=== RECORDS FOR THE TASK ===
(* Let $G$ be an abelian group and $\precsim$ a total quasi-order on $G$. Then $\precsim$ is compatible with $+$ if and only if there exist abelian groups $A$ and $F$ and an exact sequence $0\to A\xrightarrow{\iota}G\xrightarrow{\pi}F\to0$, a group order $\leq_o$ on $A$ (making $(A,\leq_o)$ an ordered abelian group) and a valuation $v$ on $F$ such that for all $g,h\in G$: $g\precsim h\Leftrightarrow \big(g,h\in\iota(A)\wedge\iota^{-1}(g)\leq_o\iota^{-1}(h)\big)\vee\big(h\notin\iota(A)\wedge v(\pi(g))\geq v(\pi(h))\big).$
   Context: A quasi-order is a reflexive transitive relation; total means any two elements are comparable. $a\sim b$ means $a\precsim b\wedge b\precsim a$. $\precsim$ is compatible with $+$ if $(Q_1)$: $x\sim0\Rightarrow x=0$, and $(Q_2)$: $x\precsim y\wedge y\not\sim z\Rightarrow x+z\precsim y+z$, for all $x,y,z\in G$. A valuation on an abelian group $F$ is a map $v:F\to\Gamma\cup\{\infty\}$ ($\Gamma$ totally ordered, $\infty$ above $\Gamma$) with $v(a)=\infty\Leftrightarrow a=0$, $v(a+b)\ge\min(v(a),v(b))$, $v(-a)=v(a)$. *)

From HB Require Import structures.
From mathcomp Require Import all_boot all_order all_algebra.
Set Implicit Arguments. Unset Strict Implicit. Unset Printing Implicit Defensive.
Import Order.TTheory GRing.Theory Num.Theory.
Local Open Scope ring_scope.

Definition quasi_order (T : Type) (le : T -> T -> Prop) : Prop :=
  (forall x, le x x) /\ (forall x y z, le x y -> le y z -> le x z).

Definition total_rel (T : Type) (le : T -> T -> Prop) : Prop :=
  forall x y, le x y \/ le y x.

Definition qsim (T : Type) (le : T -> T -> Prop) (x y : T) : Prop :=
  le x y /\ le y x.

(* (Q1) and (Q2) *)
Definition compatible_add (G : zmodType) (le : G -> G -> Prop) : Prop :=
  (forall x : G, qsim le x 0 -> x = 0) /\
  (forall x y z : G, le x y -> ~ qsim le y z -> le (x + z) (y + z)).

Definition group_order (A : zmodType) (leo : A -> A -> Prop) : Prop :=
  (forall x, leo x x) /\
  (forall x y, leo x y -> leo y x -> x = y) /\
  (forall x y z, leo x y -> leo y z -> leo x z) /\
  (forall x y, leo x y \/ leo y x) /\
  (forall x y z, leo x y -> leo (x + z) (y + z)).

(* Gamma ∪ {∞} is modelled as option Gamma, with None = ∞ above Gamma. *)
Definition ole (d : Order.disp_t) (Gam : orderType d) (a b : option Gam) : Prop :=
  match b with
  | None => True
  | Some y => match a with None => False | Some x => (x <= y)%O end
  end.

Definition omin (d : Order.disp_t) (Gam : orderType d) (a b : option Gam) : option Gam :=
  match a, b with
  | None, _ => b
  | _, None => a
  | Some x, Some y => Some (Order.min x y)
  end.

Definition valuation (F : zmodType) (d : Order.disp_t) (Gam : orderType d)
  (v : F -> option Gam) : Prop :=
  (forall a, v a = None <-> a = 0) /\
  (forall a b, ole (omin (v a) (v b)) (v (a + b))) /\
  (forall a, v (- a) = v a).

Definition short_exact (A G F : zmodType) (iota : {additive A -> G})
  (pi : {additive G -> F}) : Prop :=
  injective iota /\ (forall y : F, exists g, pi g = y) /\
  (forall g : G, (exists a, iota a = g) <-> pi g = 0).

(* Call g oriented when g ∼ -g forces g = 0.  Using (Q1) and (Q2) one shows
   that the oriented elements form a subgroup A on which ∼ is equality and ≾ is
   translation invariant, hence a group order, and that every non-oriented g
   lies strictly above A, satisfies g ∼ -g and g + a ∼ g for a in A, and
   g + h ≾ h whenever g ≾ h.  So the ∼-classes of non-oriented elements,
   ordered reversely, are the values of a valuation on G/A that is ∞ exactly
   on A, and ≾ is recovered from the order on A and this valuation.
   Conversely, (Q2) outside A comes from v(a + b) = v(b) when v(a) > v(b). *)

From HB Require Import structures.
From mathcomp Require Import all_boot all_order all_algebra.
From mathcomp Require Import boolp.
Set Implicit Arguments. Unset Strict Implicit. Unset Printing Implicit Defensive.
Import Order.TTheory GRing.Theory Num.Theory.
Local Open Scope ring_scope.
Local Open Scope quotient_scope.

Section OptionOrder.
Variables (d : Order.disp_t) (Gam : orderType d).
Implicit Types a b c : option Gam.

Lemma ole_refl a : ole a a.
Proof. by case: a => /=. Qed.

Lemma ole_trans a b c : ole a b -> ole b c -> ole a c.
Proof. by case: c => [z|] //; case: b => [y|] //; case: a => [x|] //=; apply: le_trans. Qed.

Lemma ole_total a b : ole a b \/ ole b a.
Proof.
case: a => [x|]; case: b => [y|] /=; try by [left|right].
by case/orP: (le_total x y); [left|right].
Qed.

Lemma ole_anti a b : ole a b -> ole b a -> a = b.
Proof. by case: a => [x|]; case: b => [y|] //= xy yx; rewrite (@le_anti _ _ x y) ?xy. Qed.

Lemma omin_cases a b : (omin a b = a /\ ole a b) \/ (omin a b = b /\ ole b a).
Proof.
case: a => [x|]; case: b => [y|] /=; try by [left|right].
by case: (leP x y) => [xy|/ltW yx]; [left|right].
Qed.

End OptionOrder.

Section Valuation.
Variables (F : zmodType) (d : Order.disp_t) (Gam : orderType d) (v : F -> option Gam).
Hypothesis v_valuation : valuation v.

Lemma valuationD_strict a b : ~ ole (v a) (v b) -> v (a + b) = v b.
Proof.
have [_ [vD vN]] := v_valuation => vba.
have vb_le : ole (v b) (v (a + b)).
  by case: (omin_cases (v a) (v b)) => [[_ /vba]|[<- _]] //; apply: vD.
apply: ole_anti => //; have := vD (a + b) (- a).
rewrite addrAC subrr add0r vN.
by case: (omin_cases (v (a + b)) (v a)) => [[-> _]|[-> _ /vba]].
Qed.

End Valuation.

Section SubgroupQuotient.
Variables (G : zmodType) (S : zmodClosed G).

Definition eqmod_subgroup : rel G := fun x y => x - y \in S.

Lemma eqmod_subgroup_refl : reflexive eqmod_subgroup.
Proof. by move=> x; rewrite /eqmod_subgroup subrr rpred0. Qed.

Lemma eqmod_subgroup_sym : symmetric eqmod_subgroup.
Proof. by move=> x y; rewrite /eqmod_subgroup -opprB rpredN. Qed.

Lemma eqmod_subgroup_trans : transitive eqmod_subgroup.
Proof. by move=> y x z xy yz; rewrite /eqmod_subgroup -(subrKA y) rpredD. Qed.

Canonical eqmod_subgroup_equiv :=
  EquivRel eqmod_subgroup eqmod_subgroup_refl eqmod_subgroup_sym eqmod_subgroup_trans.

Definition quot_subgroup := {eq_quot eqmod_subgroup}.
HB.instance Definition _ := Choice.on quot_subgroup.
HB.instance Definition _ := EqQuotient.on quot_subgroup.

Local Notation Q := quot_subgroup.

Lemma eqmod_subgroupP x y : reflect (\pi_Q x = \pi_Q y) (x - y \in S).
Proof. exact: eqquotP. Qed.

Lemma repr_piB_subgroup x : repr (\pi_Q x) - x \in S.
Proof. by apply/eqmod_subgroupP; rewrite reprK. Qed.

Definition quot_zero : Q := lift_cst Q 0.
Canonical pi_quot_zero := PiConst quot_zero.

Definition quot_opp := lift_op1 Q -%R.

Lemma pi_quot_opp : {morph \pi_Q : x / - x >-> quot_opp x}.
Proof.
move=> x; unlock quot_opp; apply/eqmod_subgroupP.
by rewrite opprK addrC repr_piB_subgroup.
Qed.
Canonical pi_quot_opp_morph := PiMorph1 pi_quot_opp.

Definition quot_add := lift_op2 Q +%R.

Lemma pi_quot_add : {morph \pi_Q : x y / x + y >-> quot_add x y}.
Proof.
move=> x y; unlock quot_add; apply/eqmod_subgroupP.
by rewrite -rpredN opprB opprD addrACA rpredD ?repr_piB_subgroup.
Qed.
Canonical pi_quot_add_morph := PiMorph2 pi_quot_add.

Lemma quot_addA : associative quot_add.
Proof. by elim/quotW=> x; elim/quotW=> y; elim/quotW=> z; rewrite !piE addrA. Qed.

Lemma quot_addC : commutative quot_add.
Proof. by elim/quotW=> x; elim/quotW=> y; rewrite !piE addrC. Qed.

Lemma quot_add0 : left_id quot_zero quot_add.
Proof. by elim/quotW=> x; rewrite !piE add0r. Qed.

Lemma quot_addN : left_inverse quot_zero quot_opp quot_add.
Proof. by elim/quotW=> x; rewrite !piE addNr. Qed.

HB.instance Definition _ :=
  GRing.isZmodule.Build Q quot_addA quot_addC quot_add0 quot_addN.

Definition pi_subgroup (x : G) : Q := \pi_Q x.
===
WORK TO BE COMPLETED
Copy nothing except the lines from the one with "Lemma quot_addN : left_inverse" through the end of the records; keep each exactly as it appears, first and last included.

YOUR RESPONSE
Lemma quot_addN : left_inverse quot_zero quot_opp quot_add.
Proof. by elim/quotW=> x; rewrite !piE addNr. Qed.

HB.instance Definition _ :=
  GRing.isZmodule.Build Q quot_addA quot_addC quot_add0 quot_addN.

Definition pi_subgroup (x : G) : Q := \pi_Q x.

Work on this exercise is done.